### To do
Reproduce the complete set of records, exactly as they appear.

### Given entries
******************************
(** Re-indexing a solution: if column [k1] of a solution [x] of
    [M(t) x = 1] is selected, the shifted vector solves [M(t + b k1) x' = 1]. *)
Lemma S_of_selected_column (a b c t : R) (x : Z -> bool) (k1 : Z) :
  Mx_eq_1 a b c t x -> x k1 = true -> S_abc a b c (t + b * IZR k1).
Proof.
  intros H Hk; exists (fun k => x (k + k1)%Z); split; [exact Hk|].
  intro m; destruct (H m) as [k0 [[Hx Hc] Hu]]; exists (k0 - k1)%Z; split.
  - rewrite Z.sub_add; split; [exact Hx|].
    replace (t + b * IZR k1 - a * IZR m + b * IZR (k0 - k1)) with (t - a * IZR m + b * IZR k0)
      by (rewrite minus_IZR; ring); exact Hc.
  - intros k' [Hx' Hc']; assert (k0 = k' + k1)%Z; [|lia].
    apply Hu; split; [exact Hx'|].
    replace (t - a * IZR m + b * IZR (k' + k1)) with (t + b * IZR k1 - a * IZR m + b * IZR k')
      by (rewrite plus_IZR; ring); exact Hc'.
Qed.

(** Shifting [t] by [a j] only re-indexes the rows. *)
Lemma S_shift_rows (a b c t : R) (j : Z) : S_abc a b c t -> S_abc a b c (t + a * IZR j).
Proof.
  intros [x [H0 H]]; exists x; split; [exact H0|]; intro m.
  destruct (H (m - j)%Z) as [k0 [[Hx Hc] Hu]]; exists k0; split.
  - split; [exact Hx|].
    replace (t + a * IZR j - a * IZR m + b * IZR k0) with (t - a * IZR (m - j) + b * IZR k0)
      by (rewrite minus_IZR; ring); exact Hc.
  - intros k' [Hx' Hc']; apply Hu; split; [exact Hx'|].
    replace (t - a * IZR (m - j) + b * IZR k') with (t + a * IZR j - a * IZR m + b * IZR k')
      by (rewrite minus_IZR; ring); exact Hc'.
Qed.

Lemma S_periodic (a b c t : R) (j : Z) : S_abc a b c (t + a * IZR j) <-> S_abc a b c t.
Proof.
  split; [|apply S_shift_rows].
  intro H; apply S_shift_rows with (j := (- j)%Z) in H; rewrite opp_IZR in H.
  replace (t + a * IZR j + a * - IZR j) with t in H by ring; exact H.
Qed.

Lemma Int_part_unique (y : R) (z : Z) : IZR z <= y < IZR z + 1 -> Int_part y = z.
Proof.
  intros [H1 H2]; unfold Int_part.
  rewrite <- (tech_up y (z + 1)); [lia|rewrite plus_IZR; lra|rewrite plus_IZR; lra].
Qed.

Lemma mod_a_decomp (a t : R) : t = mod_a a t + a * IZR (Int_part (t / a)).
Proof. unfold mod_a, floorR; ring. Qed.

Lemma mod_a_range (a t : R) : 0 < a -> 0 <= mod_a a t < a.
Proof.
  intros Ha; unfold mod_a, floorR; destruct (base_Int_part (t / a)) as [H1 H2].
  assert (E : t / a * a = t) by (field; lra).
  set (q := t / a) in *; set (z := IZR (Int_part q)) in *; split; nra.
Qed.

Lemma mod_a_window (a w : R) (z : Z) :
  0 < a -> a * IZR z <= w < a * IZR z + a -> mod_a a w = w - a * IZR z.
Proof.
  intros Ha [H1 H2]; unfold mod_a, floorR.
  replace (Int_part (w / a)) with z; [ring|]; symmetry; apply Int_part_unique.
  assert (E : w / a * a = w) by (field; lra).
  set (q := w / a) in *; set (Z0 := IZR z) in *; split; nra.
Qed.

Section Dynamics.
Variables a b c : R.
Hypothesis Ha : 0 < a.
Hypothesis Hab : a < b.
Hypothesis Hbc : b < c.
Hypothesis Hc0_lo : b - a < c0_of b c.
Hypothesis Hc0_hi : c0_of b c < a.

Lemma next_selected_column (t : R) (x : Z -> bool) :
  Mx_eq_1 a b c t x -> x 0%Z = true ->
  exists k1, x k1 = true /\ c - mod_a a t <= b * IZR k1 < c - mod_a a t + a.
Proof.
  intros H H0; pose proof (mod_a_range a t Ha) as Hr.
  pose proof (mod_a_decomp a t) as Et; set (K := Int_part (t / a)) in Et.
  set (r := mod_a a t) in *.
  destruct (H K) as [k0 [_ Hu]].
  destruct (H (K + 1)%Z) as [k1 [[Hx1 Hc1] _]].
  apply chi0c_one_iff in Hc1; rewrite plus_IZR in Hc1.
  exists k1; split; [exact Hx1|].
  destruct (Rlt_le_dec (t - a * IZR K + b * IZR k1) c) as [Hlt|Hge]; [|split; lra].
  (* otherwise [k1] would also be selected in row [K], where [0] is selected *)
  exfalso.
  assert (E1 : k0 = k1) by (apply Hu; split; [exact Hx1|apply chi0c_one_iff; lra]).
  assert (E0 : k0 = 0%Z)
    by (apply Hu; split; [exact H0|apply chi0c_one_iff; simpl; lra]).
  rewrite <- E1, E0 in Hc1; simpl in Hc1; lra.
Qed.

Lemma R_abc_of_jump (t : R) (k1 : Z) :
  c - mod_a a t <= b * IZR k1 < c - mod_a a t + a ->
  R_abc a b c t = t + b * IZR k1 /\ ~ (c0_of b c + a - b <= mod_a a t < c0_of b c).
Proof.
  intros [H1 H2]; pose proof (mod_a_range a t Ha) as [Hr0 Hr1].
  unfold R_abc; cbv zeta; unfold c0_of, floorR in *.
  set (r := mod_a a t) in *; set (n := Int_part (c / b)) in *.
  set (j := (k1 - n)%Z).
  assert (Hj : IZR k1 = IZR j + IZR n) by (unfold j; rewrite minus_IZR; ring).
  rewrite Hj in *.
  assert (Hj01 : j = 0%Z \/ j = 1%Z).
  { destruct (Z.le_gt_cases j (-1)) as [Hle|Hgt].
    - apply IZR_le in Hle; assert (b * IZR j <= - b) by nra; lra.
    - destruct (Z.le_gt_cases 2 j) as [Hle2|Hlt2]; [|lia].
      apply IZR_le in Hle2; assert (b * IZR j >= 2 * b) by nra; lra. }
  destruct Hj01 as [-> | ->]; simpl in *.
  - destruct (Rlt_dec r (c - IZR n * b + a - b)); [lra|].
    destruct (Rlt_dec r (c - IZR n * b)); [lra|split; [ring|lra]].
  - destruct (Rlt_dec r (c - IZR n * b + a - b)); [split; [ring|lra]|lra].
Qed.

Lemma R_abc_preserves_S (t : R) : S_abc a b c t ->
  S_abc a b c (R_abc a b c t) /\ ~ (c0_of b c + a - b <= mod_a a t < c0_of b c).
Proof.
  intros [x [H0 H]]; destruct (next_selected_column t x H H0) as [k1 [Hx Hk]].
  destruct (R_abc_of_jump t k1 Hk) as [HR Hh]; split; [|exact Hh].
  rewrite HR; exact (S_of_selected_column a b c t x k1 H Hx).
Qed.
******************************
### Result of the exercise
(** Re-indexing a solution: if column [k1] of a solution [x] of
    [M(t) x = 1] is selected, the shifted vector solves [M(t + b k1) x' = 1]. *)
Lemma S_of_selected_column (a b c t : R) (x : Z -> bool) (k1 : Z) :
  Mx_eq_1 a b c t x -> x k1 = true -> S_abc a b c (t + b * IZR k1).
Proof.
  intros H Hk; exists (fun k => x (k + k1)%Z); split; [exact Hk|].
  intro m; destruct (H m) as [k0 [[Hx Hc] Hu]]; exists (k0 - k1)%Z; split.
  - rewrite Z.sub_add; split; [exact Hx|].
    replace (t + b * IZR k1 - a * IZR m + b * IZR (k0 - k1)) with (t - a * IZR m + b * IZR k0)
      by (rewrite minus_IZR; ring); exact Hc.
  - intros k' [Hx' Hc']; assert (k0 = k' + k1)%Z; [|lia].
    apply Hu; split; [exact Hx'|].
    replace (t - a * IZR m + b * IZR (k' + k1)) with (t + b * IZR k1 - a * IZR m + b * IZR k')
      by (rewrite plus_IZR; ring); exact Hc'.
Qed.

(** Shifting [t] by [a j] only re-indexes the rows. *)
Lemma S_shift_rows (a b c t : R) (j : Z) : S_abc a b c t -> S_abc a b c (t + a * IZR j).
Proof.
  intros [x [H0 H]]; exists x; split; [exact H0|]; intro m.
  destruct (H (m - j)%Z) as [k0 [[Hx Hc] Hu]]; exists k0; split.
  - split; [exact Hx|].
    replace (t + a * IZR j - a * IZR m + b * IZR k0) with (t - a * IZR (m - j) + b * IZR k0)
      by (rewrite minus_IZR; ring); exact Hc.
  - intros k' [Hx' Hc']; apply Hu; split; [exact Hx'|].
    replace (t - a * IZR (m - j) + b * IZR k') with (t + a * IZR j - a * IZR m + b * IZR k')
      by (rewrite minus_IZR; ring); exact Hc'.
Qed.

Lemma S_periodic (a b c t : R) (j : Z) : S_abc a b c (t + a * IZR j) <-> S_abc a b c t.
Proof.
  split; [|apply S_shift_rows].
  intro H; apply S_shift_rows with (j := (- j)%Z) in H; rewrite opp_IZR in H.
  replace (t + a * IZR j + a * - IZR j) with t in H by ring; exact H.
Qed.

Lemma Int_part_unique (y : R) (z : Z) : IZR z <= y < IZR z + 1 -> Int_part y = z.
Proof.
  intros [H1 H2]; unfold Int_part.
  rewrite <- (tech_up y (z + 1)); [lia|rewrite plus_IZR; lra|rewrite plus_IZR; lra].
Qed.

Lemma mod_a_decomp (a t : R) : t = mod_a a t + a * IZR (Int_part (t / a)).
Proof. unfold mod_a, floorR; ring. Qed.

Lemma mod_a_range (a t : R) : 0 < a -> 0 <= mod_a a t < a.
Proof.
  intros Ha; unfold mod_a, floorR; destruct (base_Int_part (t / a)) as [H1 H2].
  assert (E : t / a * a = t) by (field; lra).
  set (q := t / a) in *; set (z := IZR (Int_part q)) in *; split; nra.
Qed.

Lemma mod_a_window (a w : R) (z : Z) :
  0 < a -> a * IZR z <= w < a * IZR z + a -> mod_a a w = w - a * IZR z.
Proof.
  intros Ha [H1 H2]; unfold mod_a, floorR.
  replace (Int_part (w / a)) with z; [ring|]; symmetry; apply Int_part_unique.
  assert (E : w / a * a = w) by (field; lra).
  set (q := w / a) in *; set (Z0 := IZR z) in *; split; nra.
Qed.

Section Dynamics.
Variables a b c : R.
Hypothesis Ha : 0 < a.
Hypothesis Hab : a < b.
Hypothesis Hbc : b < c.
Hypothesis Hc0_lo : b - a < c0_of b c.
Hypothesis Hc0_hi : c0_of b c < a.

Lemma next_selected_column (t : R) (x : Z -> bool) :
  Mx_eq_1 a b c t x -> x 0%Z = true ->
  exists k1, x k1 = true /\ c - mod_a a t <= b * IZR k1 < c - mod_a a t + a.
Proof.
  intros H H0; pose proof (mod_a_range a t Ha) as Hr.
  pose proof (mod_a_decomp a t) as Et; set (K := Int_part (t / a)) in Et.
  set (r := mod_a a t) in *.
  destruct (H K) as [k0 [_ Hu]].
  destruct (H (K + 1)%Z) as [k1 [[Hx1 Hc1] _]].
  apply chi0c_one_iff in Hc1; rewrite plus_IZR in Hc1.
  exists k1; split; [exact Hx1|].
  destruct (Rlt_le_dec (t - a * IZR K + b * IZR k1) c) as [Hlt|Hge]; [|split; lra].
  (* otherwise [k1] would also be selected in row [K], where [0] is selected *)
  exfalso.
  assert (E1 : k0 = k1) by (apply Hu; split; [exact Hx1|apply chi0c_one_iff; lra]).
  assert (E0 : k0 = 0%Z)
    by (apply Hu; split; [exact H0|apply chi0c_one_iff; simpl; lra]).
  rewrite <- E1, E0 in Hc1; simpl in Hc1; lra.
Qed.

Lemma R_abc_of_jump (t : R) (k1 : Z) :
  c - mod_a a t <= b * IZR k1 < c - mod_a a t + a ->
  R_abc a b c t = t + b * IZR k1 /\ ~ (c0_of b c + a - b <= mod_a a t < c0_of b c).
Proof.
  intros [H1 H2]; pose proof (mod_a_range a t Ha) as [Hr0 Hr1].
  unfold R_abc; cbv zeta; unfold c0_of, floorR in *.
  set (r := mod_a a t) in *; set (n := Int_part (c / b)) in *.
  set (j := (k1 - n)%Z).
  assert (Hj : IZR k1 = IZR j + IZR n) by (unfold j; rewrite minus_IZR; ring).
  rewrite Hj in *.
  assert (Hj01 : j = 0%Z \/ j = 1%Z).
  { destruct (Z.le_gt_cases j (-1)) as [Hle|Hgt].
    - apply IZR_le in Hle; assert (b * IZR j <= - b) by nra; lra.
    - destruct (Z.le_gt_cases 2 j) as [Hle2|Hlt2]; [|lia].
      apply IZR_le in Hle2; assert (b * IZR j >= 2 * b) by nra; lra. }
  destruct Hj01 as [-> | ->]; simpl in *.
  - destruct (Rlt_dec r (c - IZR n * b + a - b)); [lra|].
    destruct (Rlt_dec r (c - IZR n * b)); [lra|split; [ring|lra]].
  - destruct (Rlt_dec r (c - IZR n * b + a - b)); [split; [ring|lra]|lra].
Qed.

Lemma R_abc_preserves_S (t : R) : S_abc a b c t ->
  S_abc a b c (R_abc a b c t) /\ ~ (c0_of b c + a - b <= mod_a a t < c0_of b c).
Proof.
  intros [x [H0 H]]; destruct (next_selected_column t x H H0) as [k1 [Hx Hk]].
  destruct (R_abc_of_jump t k1 Hk) as [HR Hh]; split; [|exact Hh].
  rewrite HR; exact (S_of_selected_column a b c t x k1 H Hx).
Qed.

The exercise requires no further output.